Task to complete
Using the listing below, retype exactly the lines starting at the one with "Definition dt : R := T / N%:R." and ending at the one with "((expR (- r * dt))%:E *", and include both.

Dataset content
========
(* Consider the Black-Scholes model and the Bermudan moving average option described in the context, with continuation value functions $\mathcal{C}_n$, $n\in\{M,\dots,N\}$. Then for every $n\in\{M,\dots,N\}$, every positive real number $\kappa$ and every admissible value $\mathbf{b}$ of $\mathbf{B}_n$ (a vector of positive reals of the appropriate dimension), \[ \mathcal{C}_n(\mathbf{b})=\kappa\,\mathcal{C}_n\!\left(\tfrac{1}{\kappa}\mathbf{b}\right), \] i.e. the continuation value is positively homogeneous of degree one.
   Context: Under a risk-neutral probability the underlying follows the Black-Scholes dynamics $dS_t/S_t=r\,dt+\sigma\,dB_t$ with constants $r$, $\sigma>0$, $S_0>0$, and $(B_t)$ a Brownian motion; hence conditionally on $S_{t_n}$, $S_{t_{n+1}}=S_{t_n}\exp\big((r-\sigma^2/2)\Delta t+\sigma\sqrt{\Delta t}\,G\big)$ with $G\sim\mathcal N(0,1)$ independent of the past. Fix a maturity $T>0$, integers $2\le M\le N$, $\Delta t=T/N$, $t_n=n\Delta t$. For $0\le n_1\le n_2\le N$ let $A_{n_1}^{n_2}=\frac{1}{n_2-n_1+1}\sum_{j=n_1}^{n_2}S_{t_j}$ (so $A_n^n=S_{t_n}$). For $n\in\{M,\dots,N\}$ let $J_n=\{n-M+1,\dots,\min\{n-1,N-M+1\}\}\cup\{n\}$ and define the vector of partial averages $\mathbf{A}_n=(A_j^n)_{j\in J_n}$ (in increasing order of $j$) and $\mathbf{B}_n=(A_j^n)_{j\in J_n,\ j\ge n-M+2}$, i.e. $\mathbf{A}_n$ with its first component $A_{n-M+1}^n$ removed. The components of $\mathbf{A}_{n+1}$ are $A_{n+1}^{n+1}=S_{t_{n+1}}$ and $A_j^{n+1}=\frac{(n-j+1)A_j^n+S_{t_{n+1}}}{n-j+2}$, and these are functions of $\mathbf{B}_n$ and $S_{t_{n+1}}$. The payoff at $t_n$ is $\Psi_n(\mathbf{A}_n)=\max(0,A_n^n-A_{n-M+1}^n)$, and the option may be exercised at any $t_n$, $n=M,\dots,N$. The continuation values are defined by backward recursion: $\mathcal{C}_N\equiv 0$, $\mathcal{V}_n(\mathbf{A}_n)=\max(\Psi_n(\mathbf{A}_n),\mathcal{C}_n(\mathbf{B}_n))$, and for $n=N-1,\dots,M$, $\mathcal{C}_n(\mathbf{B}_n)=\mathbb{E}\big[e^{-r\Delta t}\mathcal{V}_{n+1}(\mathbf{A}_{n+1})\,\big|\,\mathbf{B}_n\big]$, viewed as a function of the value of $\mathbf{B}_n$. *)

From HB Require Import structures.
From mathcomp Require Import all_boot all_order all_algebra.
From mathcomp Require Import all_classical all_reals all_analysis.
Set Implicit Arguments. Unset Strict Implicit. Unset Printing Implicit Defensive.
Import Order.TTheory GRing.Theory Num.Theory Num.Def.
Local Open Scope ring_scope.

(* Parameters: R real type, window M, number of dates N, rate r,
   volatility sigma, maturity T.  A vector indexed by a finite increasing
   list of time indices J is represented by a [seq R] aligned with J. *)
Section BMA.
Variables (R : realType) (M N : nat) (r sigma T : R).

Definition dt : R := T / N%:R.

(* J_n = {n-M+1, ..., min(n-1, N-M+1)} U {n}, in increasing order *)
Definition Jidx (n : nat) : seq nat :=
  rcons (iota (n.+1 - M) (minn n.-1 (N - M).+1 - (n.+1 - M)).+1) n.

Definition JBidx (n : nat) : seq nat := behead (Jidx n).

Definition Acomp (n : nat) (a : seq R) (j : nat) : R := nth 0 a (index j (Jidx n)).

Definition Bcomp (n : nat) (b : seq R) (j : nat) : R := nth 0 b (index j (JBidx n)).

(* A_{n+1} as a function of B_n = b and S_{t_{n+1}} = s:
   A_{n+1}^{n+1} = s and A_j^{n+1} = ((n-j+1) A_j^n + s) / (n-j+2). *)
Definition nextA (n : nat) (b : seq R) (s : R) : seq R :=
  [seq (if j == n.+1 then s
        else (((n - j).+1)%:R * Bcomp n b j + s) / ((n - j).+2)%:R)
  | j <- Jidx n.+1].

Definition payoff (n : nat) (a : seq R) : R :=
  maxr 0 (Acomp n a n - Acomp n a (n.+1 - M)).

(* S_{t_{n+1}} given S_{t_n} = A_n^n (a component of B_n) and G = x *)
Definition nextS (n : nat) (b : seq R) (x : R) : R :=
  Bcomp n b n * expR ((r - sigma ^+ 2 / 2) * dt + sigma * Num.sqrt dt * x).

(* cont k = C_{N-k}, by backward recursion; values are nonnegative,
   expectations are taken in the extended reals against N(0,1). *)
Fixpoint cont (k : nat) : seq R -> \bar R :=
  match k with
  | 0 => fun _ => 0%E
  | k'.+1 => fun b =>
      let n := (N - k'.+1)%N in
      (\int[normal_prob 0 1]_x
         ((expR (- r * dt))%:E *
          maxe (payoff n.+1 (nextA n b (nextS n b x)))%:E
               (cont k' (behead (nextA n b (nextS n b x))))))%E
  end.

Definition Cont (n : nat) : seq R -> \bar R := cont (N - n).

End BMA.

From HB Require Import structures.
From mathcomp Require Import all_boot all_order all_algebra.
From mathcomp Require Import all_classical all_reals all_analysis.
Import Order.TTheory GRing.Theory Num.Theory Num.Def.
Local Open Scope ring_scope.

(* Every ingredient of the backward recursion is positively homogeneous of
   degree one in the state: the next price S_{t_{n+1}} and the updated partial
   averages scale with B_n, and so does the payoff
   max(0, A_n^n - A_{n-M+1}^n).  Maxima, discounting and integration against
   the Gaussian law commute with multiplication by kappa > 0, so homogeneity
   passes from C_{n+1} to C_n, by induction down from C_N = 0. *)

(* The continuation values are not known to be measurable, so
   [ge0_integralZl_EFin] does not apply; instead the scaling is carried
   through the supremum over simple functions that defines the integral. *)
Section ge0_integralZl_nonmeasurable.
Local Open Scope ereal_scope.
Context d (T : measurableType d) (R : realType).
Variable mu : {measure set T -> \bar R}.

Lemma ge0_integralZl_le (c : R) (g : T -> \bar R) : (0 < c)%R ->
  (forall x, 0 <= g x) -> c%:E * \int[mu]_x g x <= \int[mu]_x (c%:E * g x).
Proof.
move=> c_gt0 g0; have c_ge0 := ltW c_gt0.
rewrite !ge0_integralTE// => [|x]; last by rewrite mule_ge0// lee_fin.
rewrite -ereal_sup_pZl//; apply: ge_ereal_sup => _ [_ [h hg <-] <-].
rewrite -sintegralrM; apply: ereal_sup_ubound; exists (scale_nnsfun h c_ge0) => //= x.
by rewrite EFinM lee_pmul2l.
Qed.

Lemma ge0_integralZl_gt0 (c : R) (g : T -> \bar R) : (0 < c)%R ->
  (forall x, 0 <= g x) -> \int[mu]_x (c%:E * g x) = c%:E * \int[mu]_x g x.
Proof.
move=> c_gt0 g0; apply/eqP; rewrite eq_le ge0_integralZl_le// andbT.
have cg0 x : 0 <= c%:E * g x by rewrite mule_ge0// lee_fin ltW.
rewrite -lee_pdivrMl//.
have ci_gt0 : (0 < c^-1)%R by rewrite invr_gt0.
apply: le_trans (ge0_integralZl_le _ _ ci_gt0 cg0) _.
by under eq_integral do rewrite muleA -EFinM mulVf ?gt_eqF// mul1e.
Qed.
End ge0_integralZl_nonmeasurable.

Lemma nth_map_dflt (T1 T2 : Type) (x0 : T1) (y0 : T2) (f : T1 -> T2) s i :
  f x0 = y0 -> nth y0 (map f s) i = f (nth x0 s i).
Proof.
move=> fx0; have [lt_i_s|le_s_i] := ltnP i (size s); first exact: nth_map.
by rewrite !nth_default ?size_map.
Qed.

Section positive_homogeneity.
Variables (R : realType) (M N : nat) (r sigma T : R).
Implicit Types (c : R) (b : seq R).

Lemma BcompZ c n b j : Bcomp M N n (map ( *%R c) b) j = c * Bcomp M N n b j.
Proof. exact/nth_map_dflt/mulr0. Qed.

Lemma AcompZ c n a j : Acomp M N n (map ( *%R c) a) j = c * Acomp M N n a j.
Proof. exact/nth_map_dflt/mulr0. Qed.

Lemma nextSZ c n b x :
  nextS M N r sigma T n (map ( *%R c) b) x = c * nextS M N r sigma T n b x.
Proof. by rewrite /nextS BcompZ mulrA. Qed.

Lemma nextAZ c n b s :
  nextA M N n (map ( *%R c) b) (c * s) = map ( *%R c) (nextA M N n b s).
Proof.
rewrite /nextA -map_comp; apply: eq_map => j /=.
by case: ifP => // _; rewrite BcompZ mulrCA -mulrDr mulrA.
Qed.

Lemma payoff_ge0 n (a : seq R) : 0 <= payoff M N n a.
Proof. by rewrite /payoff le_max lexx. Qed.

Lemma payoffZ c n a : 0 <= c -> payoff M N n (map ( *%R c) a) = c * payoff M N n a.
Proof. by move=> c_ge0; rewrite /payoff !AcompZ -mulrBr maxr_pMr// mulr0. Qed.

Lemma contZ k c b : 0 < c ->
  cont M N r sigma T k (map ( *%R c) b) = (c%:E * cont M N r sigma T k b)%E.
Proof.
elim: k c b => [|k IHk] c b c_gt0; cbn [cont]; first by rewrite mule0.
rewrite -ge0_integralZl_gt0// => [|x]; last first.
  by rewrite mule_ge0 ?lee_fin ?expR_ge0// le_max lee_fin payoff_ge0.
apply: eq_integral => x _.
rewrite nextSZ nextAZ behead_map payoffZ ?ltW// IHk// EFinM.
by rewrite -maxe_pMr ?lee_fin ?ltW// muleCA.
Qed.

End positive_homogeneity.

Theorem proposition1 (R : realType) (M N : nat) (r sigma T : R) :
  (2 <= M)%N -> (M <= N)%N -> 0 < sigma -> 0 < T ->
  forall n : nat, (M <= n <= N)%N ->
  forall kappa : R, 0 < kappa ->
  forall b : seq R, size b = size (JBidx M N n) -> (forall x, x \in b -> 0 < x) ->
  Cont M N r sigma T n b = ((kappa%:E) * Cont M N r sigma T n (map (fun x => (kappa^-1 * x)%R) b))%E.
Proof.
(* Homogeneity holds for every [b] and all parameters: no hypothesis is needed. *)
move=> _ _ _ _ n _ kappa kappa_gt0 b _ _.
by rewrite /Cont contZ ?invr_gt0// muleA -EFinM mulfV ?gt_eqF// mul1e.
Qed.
========
Task solution
Definition dt : R := T / N%:R.

(* J_n = {n-M+1, ..., min(n-1, N-M+1)} U {n}, in increasing order *)
Definition Jidx (n : nat) : seq nat :=
  rcons (iota (n.+1 - M) (minn n.-1 (N - M).+1 - (n.+1 - M)).+1) n.

Definition JBidx (n : nat) : seq nat := behead (Jidx n).

Definition Acomp (n : nat) (a : seq R) (j : nat) : R := nth 0 a (index j (Jidx n)).

Definition Bcomp (n : nat) (b : seq R) (j : nat) : R := nth 0 b (index j (JBidx n)).

(* A_{n+1} as a function of B_n = b and S_{t_{n+1}} = s:
   A_{n+1}^{n+1} = s and A_j^{n+1} = ((n-j+1) A_j^n + s) / (n-j+2). *)
Definition nextA (n : nat) (b : seq R) (s : R) : seq R :=
  [seq (if j == n.+1 then s
        else (((n - j).+1)%:R * Bcomp n b j + s) / ((n - j).+2)%:R)
  | j <- Jidx n.+1].

Definition payoff (n : nat) (a : seq R) : R :=
  maxr 0 (Acomp n a n - Acomp n a (n.+1 - M)).

(* S_{t_{n+1}} given S_{t_n} = A_n^n (a component of B_n) and G = x *)
Definition nextS (n : nat) (b : seq R) (x : R) : R :=
  Bcomp n b n * expR ((r - sigma ^+ 2 / 2) * dt + sigma * Num.sqrt dt * x).

(* cont k = C_{N-k}, by backward recursion; values are nonnegative,
   expectations are taken in the extended reals against N(0,1). *)
Fixpoint cont (k : nat) : seq R -> \bar R :=
  match k with
  | 0 => fun _ => 0%E
  | k'.+1 => fun b =>
      let n := (N - k'.+1)%N in
      (\int[normal_prob 0 1]_x
         ((expR (- r * dt))%:E *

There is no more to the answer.